=== GIVEN RECORDS ===
──────
(* Let $B=\bigoplus_{i\in\mathbb{Z}}B_i$ be a $\mathbb{Z}$-graded integral domain containing $\mathbb{Q}$, and let $D:B\to B$ be a nonzero homogeneous locally nilpotent derivation such that $\ker D\not\subseteq B_0$. Then some element of $D(B)\cap\ker(D)$ is a cylindrical element of $B$.
   Context: A derivation $D$ is homogeneous if there is $d$ with $D(B_i)\subseteq B_{i+d}$ for all $i$; it is locally nilpotent if for each $b$ there is $n>0$ with $D^n(b)=0$. For nonzero homogeneous $f$, $B_{(f)}$ is the degree-$0$ subring of $B_f$. A ring is a polynomial ring in one variable if it is a polynomial ring in one variable over some subring (the zero ring counts). A cylindrical element of $B$ is a nonzero homogeneous $f$ of nonzero degree with $B_{(f)}$ a polynomial ring in one variable. *)

From HB Require Import structures.
From mathcomp Require Import all_boot all_order all_algebra.
Set Implicit Arguments. Unset Strict Implicit. Unset Printing Implicit Defensive.
Import Order.TTheory GRing.Theory Num.Theory.
Local Open Scope ring_scope.

Definition contains_Q (B : comUnitRingType) : Prop :=
  forall n : nat, (n.+1)%:R \is a @GRing.unit B.

Definition Zgrading (B : comRingType) (Bi : int -> B -> Prop) : Prop :=
  [/\ (forall i, Bi i 0),
      (forall i x y, Bi i x -> Bi i y -> Bi i (x - y)),
      (forall i j x y, Bi i x -> Bi j y -> Bi (i + j) (x * y)) /\ Bi 0 1,
      (forall b : B, exists (s : seq int) (f : int -> B),
          (forall i, Bi i (f i)) /\ b = \sum_(i <- s) f i)
    &
      (forall (s : seq int) (f : int -> B), uniq s ->
          (forall i, Bi i (f i)) -> \sum_(i <- s) f i = 0 ->
          forall i, i \in s -> f i = 0)].

Definition is_derivation (B : comRingType) (D : B -> B) : Prop :=
  (forall x y, D (x + y) = D x + D y) /\
  (forall x y, D (x * y) = x * D y + y * D x).

Definition homogeneous_map (B : comRingType) (Bi : int -> B -> Prop)
  (D : B -> B) : Prop :=
  exists d : int, forall i b, Bi i b -> Bi (i + d) (D b).

Definition locally_nilpotent (B : comRingType) (D : B -> B) : Prop :=
  forall b, exists n : nat, (0 < n)%N /\ iter n D b = 0.

(* The degree-0 part B_(f) of B_f, viewed inside the fraction field of B:
   the elements b / f^n with b homogeneous of degree n * deg f. *)
Definition loc_deg0 (B : idomainType) (Bi : int -> B -> Prop) (f : B)
  (x : {fraction B}) : Prop :=
  exists d : int, Bi d f /\
    exists (n : nat) (b : B), Bi (n%:Z * d) b /\
      x = FracField.tofrac b / (FracField.tofrac f) ^+ n.

(* S (a subring of the field K) is a polynomial ring in one variable:
   S = A[t] for a subring A of S and an element t algebraically independent
   over A. *)
Definition poly_ring_one_var (K : fieldType) (S : K -> Prop) : Prop :=
  exists (A : K -> Prop) (t : K),
    [/\ A 1,
        (forall x y, A x -> A y -> A (x - y)),
        (forall x y, A x -> A y -> A (x * y)),
        (forall x, S x <-> exists p : {poly K},
                             (forall i, A p`_i) /\ x = p.[t])
      & (forall p : {poly K}, (forall i, A p`_i) -> p.[t] = 0 -> p = 0)].

Definition cylindrical (B : idomainType) (Bi : int -> B -> Prop) (f : B) : Prop :=
  [/\ f != 0,
      exists d : int, d != 0 /\ Bi d f
    & poly_ring_one_var (loc_deg0 Bi f)].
──────
=== REQUIRED WORK ===
Please return exactly the lines from the one containing "p.[t] = 0 -> p = 0)]." through the end of the entries above, adding no other line.

=== EXERCISE SOLUTION ===
      & (forall p : {poly K}, (forall i, A p`_i) -> p.[t] = 0 -> p = 0)].

Definition cylindrical (B : idomainType) (Bi : int -> B -> Prop) (f : B) : Prop :=
  [/\ f != 0,
      exists d : int, d != 0 /\ Bi d f
    & poly_ring_one_var (loc_deg0 Bi f)].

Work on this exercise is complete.